Optional: If you're curious to see what the results from the first two files above look like, you can run the following commands to generate human-readable versions of these files:

  • ./cobbler make-report --language=elm --input=evaluation/output/data/elm_test.tsv --output=elm_test_human_readable.elm
  • ./cobbler make-report --language=python --input=evaluation/output/data/python_test.tsv --output=python_human_readable.py

Step 3: Validate results

Important note: Many (but not all) of the claims in the paper are about performance results, for which it is extremely unlikely to reproduce exactly on a virtual machine on different hardware. To validate these claims, we recommend looking at rough trends to ensure that they align with the stated claims, rather than for a precise match. Thus, while we provide the exact steps needed to validate the performance claims, we do not expect that these claims will be exactly reproducible.

The previous step also produces summaries/analyses/graphs of the data files in the evaluation/output/data/ directory described above. These analyses (which also take in the survey data described in Section 8.3.1 and located in evaluation/input/survey_results/) get stored in the evaluation/output/analyses directory and can be used to validate the claims in our evaluation.

Most of our claims are descriptive results of graphs in our evaluation. Validating these claims amounts to validating that the graphs produced by the previous steps are actually the graphs that we use in the paper. To validate this, we provide a listing of files that contain the graphs we used for each figure of our evaluation below.

Action: Please check that the following graphs match those in the paper.

  • Fig. 4: elm-astsize_dist.pdf and python-astsize_dist.pdf
  • Fig. 5: synthtime_boxplot.pdf
  • Fig. 6: elm-synthtime_vs_astsize.pdf and python-synthtime_vs_astsize.pdf
  • Fig. 7: preferred.pdf
  • Fig. 8: shrinkage-Prefer.pdf
  • Fig. 9: speedup-penalized.pdf

The remaining claims in our evaluation are about median timing information. We provide a listing below of where to find evidence for claims about median timing information that cannot be precisely determined by visual inspection of graphs in the paper alone.

Action: Please validate the following claims using the files listed below, taking into consideration the Important note at the start of this section.

  • Fig. 5 - "The median synthesis time is <0.5s in all conditions": In time-summary.txt, all variables ending in C are <0.5. Note: Variables ending in A are min times, B are 25th percentile times, C are 50th percentile (median) times, D are 75th percentile times, and E are max times.

  • Section 8.2.2 - "The successful Elm and Python runs both took median synthesis times of 0.02s and the unsuccessful Elm and Python runs took median synthesis times of 0.21s and 0.39s respectively": This information can be found in the time-summary.txt file described above by looking at the corresponding variables ending in C.

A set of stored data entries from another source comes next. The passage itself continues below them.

Lemma hb_step : exists a, forall v, D v -> F v + a * d v <= phi v.
Proof.
  set (neg v := comb (-1) v 0 v).
  assert (Hneg : forall v, D v -> D (neg v) /\ d (neg v) = - d v).
  { intros v Hv. unfold neg. split; [apply D_closed; auto | rewrite d_lin by auto; ring]. }
  destruct (classic (exists v, D v /\ d v < 0)) as [[v0 [Hv0 Hd0]] | Hnone].
  - set (E := fun r => exists v, D v /\ d v < 0 /\ r = (F v - phi v) / - d v).
    assert (E_ub : forall r v1, E r -> D v1 -> 0 < d v1 -> r <= (phi v1 - F v1) / d v1).
    { intros r v1 [v2 [H2 [Hd2 ->]]] H1 Hd1.
      apply Rmult_le_reg_r with (d v1 * - d v2); [nra |].
      pose proof (hb_gap v1 v2 H1 H2 Hd1 Hd2).
      replace ((F v2 - phi v2) / - d v2 * (d v1 * - d v2)) with (d v1 * (F v2 - phi v2)) by (field; lra).
      replace ((phi v1 - F v1) / d v1 * (d v1 * - d v2)) with (- d v2 * (phi v1 - F v1)) by (field; lra).
      lra. }
    destruct (Hneg v0 Hv0) as [Hn0 Hdn0].
    destruct (completeness E) as [a [Ha_ub Ha_lub]].
    + exists ((phi (neg v0) - F (neg v0)) / d (neg v0)). intros r Hr. apply E_ub; auto; lra.
    + exists ((F v0 - phi v0) / - d v0), v0. auto.
    + exists a. intros v Hv.
      destruct (total_order_T (d v) 0) as [[Hd | Hd] | Hd].
      * assert (Hr : (F v - phi v) / - d v <= a) by (apply Ha_ub; exists v; auto).
        apply Rmult_le_compat_r with (r := - d v) in Hr; [| lra].
        replace ((F v - phi v) / - d v * - d v) with (F v - phi v) in Hr by (field; lra). lra.
      * rewrite Hd, Rmult_0_r, Rplus_0_r. auto.
      * assert (Hr : a <= (phi v - F v) / d v) by (apply Ha_lub; intros r Hr; apply E_ub; auto).
        apply Rmult_le_compat_r with (r := d v) in Hr; [| lra].
        replace ((phi v - F v) / d v * d v) with (phi v - F v) in Hr by (field; lra). lra.
  - exists 0. intros v Hv. rewrite Rmult_0_l, Rplus_0_r.
    destruct (total_order_T (d v) 0) as [[Hd | Hd] | Hd]; auto.
    + exfalso. apply Hnone. exists v. auto.
    + exfalso. apply Hnone. exists (neg v). destruct (Hneg v Hv). split; auto; lra.
Qed.

End OneConstraint.

Lemma finite_hahn_banach (D : V -> Prop) (phi : V -> R) (g : nat -> V -> R) (n : nat) :
  comb_closed D -> sublinear_on D phi -> (forall j, (j < n)%nat -> linear_on D (g j)) ->
  forall F : V -> R, linear_on D F ->
  (forall v, D v -> (forall j, (j < n)%nat -> g j v = 0) -> F v <= phi v) ->
  exists c : nat -> R, forall v, D v -> F v + fsum n (fun j => c j * g j v) <= phi v.
Proof.
  intros D_closed phi_sub g_lin. induction n as [| n IH]; intros F F_lin HF.
  - exists (fun _ => 0). intros v Hv. simpl. rewrite Rplus_0_r. apply HF; auto. intros; lia.
  - set (Dn := fun v => D v /\ forall j, (j < n)%nat -> g j v = 0).
    destruct (hb_step Dn phi F (g n)) as [a Ha].
    + intros a v b w [Hv Hgv] [Hw Hgw]. split; [apply D_closed; auto |].
      intros j Hj. rewrite g_lin, Hgv, Hgw by (auto; lia). ring.
    + intros a v b w Ha Hb [Hv _] [Hw _]. apply phi_sub; auto.
    + intros a v b w [Hv _] [Hw _]. apply F_lin; auto.
    + intros a v b w [Hv _] [Hw _]. apply g_lin; auto.
    + intros v [Hv Hgv] Hgn. apply HF; auto.
      intros j Hj. destruct (Nat.eq_dec j n) as [-> | Hne]; auto. apply Hgv. lia.
    + destruct (IH ltac:(auto) (fun v => F v + a * g n v)) as [c Hc].
      * intros b v b' w Hv Hw. rewrite F_lin, g_lin by auto. ring.
      * intros v Hv Hg. apply Ha. split; auto.
      * exists (fun j => if Nat.eqb j n then a else c j). intros v Hv. simpl.
        rewrite Nat.eqb_refl, (fsum_ext n _ (fun j => c j * g j v)).
        -- specialize (Hc v Hv). lra.
        -- intros j Hj. destruct (Nat.eqb_spec j n); [lia | reflexivity].
Qed.

End FiniteHahnBanach.

Definition subgrad_l1 (g x : seqR) : Prop :=
  forall k, Rabs (g k) <= 1 /\ g k * x k = Rabs (x k).

Lemma subgrad_l1_ext (g h x : seqR) : (forall k, g k = h k) -> subgrad_l1 g x -> subgrad_l1 h x.
Proof. intros Hgh Hg k. rewrite <- Hgh. apply Hg. Qed.

Lemma scalar_prox_fixed (g x : R) :
  (forall w, / 2 * ((x + g) - x) ^ 2 + Rabs x <= / 2 * ((x + g) - w) ^ 2 + Rabs w) <->
  Rabs g <= 1 /\ g * x = Rabs x.
Proof.
  split.
  - intro Hmin.
    assert (Hgap : forall t, 0 <= t ^ 2 / 2 - g * t + Rabs (x + t) - Rabs x).
    { intro t. specialize (Hmin (x + t)). lra. }
    assert (Hg : -1 <= g <= 1).
    { split; apply Rnot_lt_le; intro Hlt.
      - specialize (Hgap (g + 1)). pose proof (Rabs_triang x (g + 1)) as Htri.
        rewrite (Rabs_left (g + 1)) in Htri by lra. nra.
      - specialize (Hgap (g - 1)). pose proof (Rabs_triang x (g - 1)) as Htri.
        rewrite (Rabs_right (g - 1)) in Htri by lra. nra. }
    split; [apply Rabs_le; lra |].
    destruct (total_order_T x 0) as [[Hx | Hx] | Hx].
    + rewrite Rabs_left by lra. destruct (Req_dec g (-1)) as [-> | Hne]; [ring | exfalso].
      set (t := Rmin (- x) (g + 1)).
      assert (t <= - x) by apply Rmin_l. assert (t <= g + 1) by apply Rmin_r.
      assert (0 < t) by (apply Rmin_glb_lt; lra).
      specialize (Hgap t). rewrite (Rabs_left x), (Rabs_left1 (x + t)) in Hgap by lra. nra.
    + subst. rewrite Rabs_R0. ring.
    + rewrite Rabs_right by lra. destruct (Req_dec g 1) as [-> | Hne]; [ring | exfalso].
      set (t := Rmin x (1 - g)).
      assert (t <= x) by apply Rmin_l. assert (t <= 1 - g) by apply Rmin_r.
      assert (0 < t) by (apply Rmin_glb_lt; lra).
      specialize (Hgap (- t)). rewrite (Rabs_right x), (Rabs_right (x + - t)) in Hgap by lra. nra.
  - intros [Hg Hgx] w.
    assert (Hgw : g * w <= Rabs w).
    { eapply Rle_trans; [apply Rle_abs |]. rewrite Rabs_mult.
      pose proof (Rabs_pos w). nra. }
    pose proof (pow2_ge_0 (x - w)). nra.
Qed.

Lemma prox_l1_gap (x s w : seqR) : in_l1 x -> in_l1 w -> fin_supp s ->
  is_series
    (fun j => (/ 2 * (x j - s j - w j) ^ 2 + Rabs (w j)) - (/ 2 * (x j - s j - x j) ^ 2 + Rabs (x j)))
    ((/ 2 * norm2sq (fun j => x j - s j - w j) + norm1 w)
     - (/ 2 * norm2sq (fun j => x j - s j - x j) + norm1 x)).
Proof.
  intros Hx Hw [N HN].
  assert (Hs2 : ex_series (fun j => s j ^ 2)).
  { apply ex_series_fin_supp. exists N. intros k Hk. rewrite HN by auto. ring. }
  assert (Hxs : ex_series (fun j => (x j - s j - x j) ^ 2)).
  { apply ex_series_fin_supp. exists N. intros k Hk. rewrite HN by auto. ring. }
  assert (Hws : ex_series (fun j => (x j - s j - w j) ^ 2)).
  { apply ex_series_Rle with (fun j => 2 * (1 * x j + -1 * w j) ^ 2 + 2 * s j ^ 2).
    - intro n. rewrite Rabs_right by apply Rle_ge, pow2_ge_0.
      pose proof (pow2_ge_0 (x n - w n + s n)). nra.
    - apply ex_series_plusR; apply ex_series_scalR; auto.
      apply l1_square_summable, l1_lincomb; auto. }
  assert (Hw' : ex_series (fun j => / 2 * (x j - s j - w j) ^ 2 + Rabs (w j)))
    by (apply ex_series_plusR; [apply ex_series_scalR |]; auto).
  assert (Hx' : ex_series (fun j => / 2 * (x j - s j - x j) ^ 2 + Rabs (x j)))
    by (apply ex_series_plusR; [apply ex_series_scalR |]; auto).
  unfold norm2sq, norm1. rewrite <- !Series_scal_l, <- !Series_plus, <- Series_minus
    by (auto; apply ex_series_scalR; auto).
  apply Series_correct, ex_series_minusR; auto.
Qed.

Lemma prox_l1_fixed_iff (x s : seqR) : in_l1 x -> fin_supp s ->
  is_prox_l1 (fun k => x k - s k) x <-> subgrad_l1 (fun k => - s k) x.
Proof.
  intros Hx Hs. split.
  - intros [_ Hmin] k. apply scalar_prox_fixed. intro w.
    set (xw := fun j => x j + unitv k (w - x k) j).
    assert (Hxw : in_l1 xw).
    { apply ex_series_Rle with (fun j => Rabs (x j) + Rabs (unitv k (w - x k) j)).
      - intro n. rewrite Rabs_Rabsolu. apply Rabs_triang.
      - apply ex_series_plusR; [exact Hx | apply l1_unitv]. }
    pose proof (Hmin xw Hxw) as Hle.
    pose proof (is_series_unique _ _ (prox_l1_gap x s xw Hx Hxw Hs)) as Hgap.
    rewrite (Series_ext _ (unitv k ((/ 2 * (x k - s k - w) ^ 2 + Rabs w)
                                     - (/ 2 * (x k - s k - x k) ^ 2 + Rabs (x k))))) in Hgap.
    + rewrite Series_unitv in Hgap. lra.
    + intro n. unfold xw, unitv. destruct (Nat.eqb_spec n k) as [-> |].
      * replace (x k + (w - x k)) with w by ring. reflexivity.
      * rewrite Rplus_0_r. ring.
  - intro Hsub. split; [exact Hx |]. intros w Hw.
    pose proof (prox_l1_gap x s w Hx Hw Hs) as Hgap.
    assert (Hnonneg : 0 <= Series (fun j => (/ 2 * (x j - s j - w j) ^ 2 + Rabs (w j))
                                         - (/ 2 * (x j - s j - x j) ^ 2 + Rabs (x j)))).
    { apply Series_nonneg; [| eexists; exact Hgap].
      intro j. pose proof (proj2 (scalar_prox_fixed _ _) (Hsub j) (w j)). lra. }
    rewrite (is_series_unique _ _ Hgap) in Hnonneg. lra.
Qed.

(** [c = prox_{iota_y^*}(c + a)] iff [a = y]: the prox objective splits into
    coordinates [/2 (c_j + a_j - d_j)^2 + y_j d_j]. *)
Lemma prox_Rm_iff (m : nat) (y a c : nat -> R) :
  is_prox_Rm m (iota_y_conj m y) (fun j => c j + a j) c <-> eqRm m a y.
Proof.
  unfold is_prox_Rm, iota_y_conj.
  set (q := fun j (t : R) => / 2 * (c j + a j - t) ^ 2 + y j * t).
  assert (Hobj : forall d, / 2 * fsum m (fun j => (c j + a j - d j) ^ 2) + fsum m (fun j => y j * d j)
                          = fsum m (fun j => q j (d j))).
  { intro d. rewrite <- (Rmult_1_l (fsum m (fun j => y j * d j))), <- fsum_lin.
    apply fsum_ext. intros; unfold q; ring. }
  split.
  - intros Hmin. specialize (Hmin (fun j => c j + a j - y j)). rewrite !Hobj in Hmin.
    assert (Hsq : fsum m (fun j => (a j - y j) ^ 2) <= 0).
    { replace (fsum m (fun j => (a j - y j) ^ 2))
        with (2 * fsum m (fun j => q j (c j)) + -2 * fsum m (fun j => q j (c j + a j - y j))).
      - lra.
      - rewrite <- fsum_lin. apply fsum_ext. intros j _. unfold q. field. }
    intros j Hj. pose proof (fsum_squares_le0 m (fun j => a j - y j) Hsq j Hj). lra.
  - intros Hay d. rewrite !Hobj. apply fsum_le. intros j Hj. unfold q. rewrite Hay by auto.
    pose proof (pow2_ge_0 (c j - d j)). nra.
Qed.

Lemma norm_inf_bound (g : seqR) (B : R) : (forall k, Rabs (g k) <= B) ->
  (forall k, Rabs (g k) <= norm_inf g) /\ norm_inf g <= B.
Proof.
  intro HB. unfold norm_inf.
  pose proof (Sup_seq_correct (fun j => Finite (Rabs (g j)))) as Hsup.
  assert (Hge : forall k, Rbar_le (Rabs (g k)) (Sup_seq (fun j => Finite (Rabs (g j)))))
    by (intro k; apply Sup_seq_minor_le with k; simpl; lra).
  destruct (Sup_seq (fun j => Finite (Rabs (g j)))) as [l | |]; simpl in Hsup, Hge |- *.
  - split; [exact Hge |]. apply Rnot_lt_le. intro Hlt.
    destruct (Hsup (mkposreal (l - B) ltac:(lra))) as [_ [n Hn]]. simpl in Hn.
    specialize (HB n). lra.
  - destruct (Hsup B) as [n Hn]. simpl in Hn. specialize (HB n). lra.
  - specialize (Hsup 0 0%nat). simpl in Hsup. pose proof (Rabs_pos (g 0%nat)). lra.
Qed.

(** ... and [||g||_inf = 1] bounds every [|g_k|] (an unbounded [g] has [norm_inf g = 0]). *)
Lemma norm_inf_one (g : seqR) : norm_inf g = 1 -> forall k, Rabs (g k) <= 1.
Proof.
  unfold norm_inf. intros H1 k.
  assert (Hge : Rbar_le (Rabs (g k)) (Sup_seq (fun j => Finite (Rabs (g j)))))
    by (apply Sup_seq_minor_le with k; simpl; lra).
  destruct (Sup_seq (fun j => Finite (Rabs (g j)))); simpl in H1, Hge; lra.
Qed.

(** For [g] in [c0], [|g_k| = ||g||_inf] holds only for finitely many [k]
    (or [g = 0]), so [S g] is finitely supported. *)
Lemma trunc_fin_supp (g : seqR) : in_c0 g -> fin_supp (trunc g).
Proof.
  intro Hg. unfold trunc. destruct (Rle_dec (norm_inf g) 0) as [Hle | Hgt].
  - exists 0%nat. intros k _. destruct (Req_EM_T (Rabs (g k)) (norm_inf g)); auto.
    apply Rabs_eq_0. pose proof (Rabs_pos (g k)). lra.
  - destruct (c0_eventually_small g (norm_inf g) Hg) as [N HN]; [lra |].
    exists N. intros k Hk. destruct (Req_EM_T (Rabs (g k)) (norm_inf g)); auto.
    specialize (HN k Hk). lra.
Qed.

Lemma trunc_opp (g : seqR) (k : nat) : trunc (fun j => - g j) k = - trunc g k.
Proof.
  unfold trunc, norm_inf.
  rewrite (Sup_seq_ext (fun j => Finite (Rabs (- g j))) (fun j => Finite (Rabs (g j))))
    by (intro; now rewrite Rabs_Ropp).
  rewrite Rabs_Ropp. destruct (Req_EM_T _ _); ring.
Qed.

Lemma subgrad_trunc (g x : seqR) : subgrad_l1 g x -> subgrad_l1 (trunc g) x.
Proof.
  intros Hg k. destruct (norm_inf_bound g 1 (fun j => proj1 (Hg j))) as [Hle Hle1].
  destruct (Hg k) as [Hgk Hgxk]. unfold trunc.
  destruct (Req_EM_T (Rabs (g k)) (norm_inf g)) as [| Hne]; [auto |].
  destruct (Req_dec (x k) 0) as [Hx0 | Hx0].
  - rewrite Hx0, Rabs_R0. split; lra.
  - exfalso. apply Hne. specialize (Hle k).
    assert (Habs : Rabs (g k) * Rabs (x k) = Rabs (x k))
      by (rewrite <- Rabs_mult, Hgxk; apply Rabs_Rabsolu).
    pose proof (Rabs_pos_lt _ Hx0). nra.
Qed.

  • Fig. 9 - "By a data size of 10^8, this median [speedup] is 1.95× and 42/56 programs are sped up >1×": This information is stored in the file speedup_summary.txt. The first number is found in the variable PenalizedPerfSpeedupGMI: "penalized speedup, performant NumPy functions, geometric median, data size 10^8" ("I" is the eighth letter of the alphabet). The second number is found in the variable PenalizedPerfActualSpeedupCountI: "penalized speedup, performant NumPy functions, actual speedup (i.e., speedup is >1×), data size 10^8."

And that's it! Thank you so much for your service as an artifact evaluator!

Optional: Looking at the Cobbler codebase

If you would like to take a look at implementation of Cobbler, please refer to the file ARCHITECTURE.md for how to dive in. You can also take a look at the file GITHUB_README.md, which contains a README more typical of open-source projects.

Lastly, the structure of the evaluation/ directory is detailed in evaluation/README.md.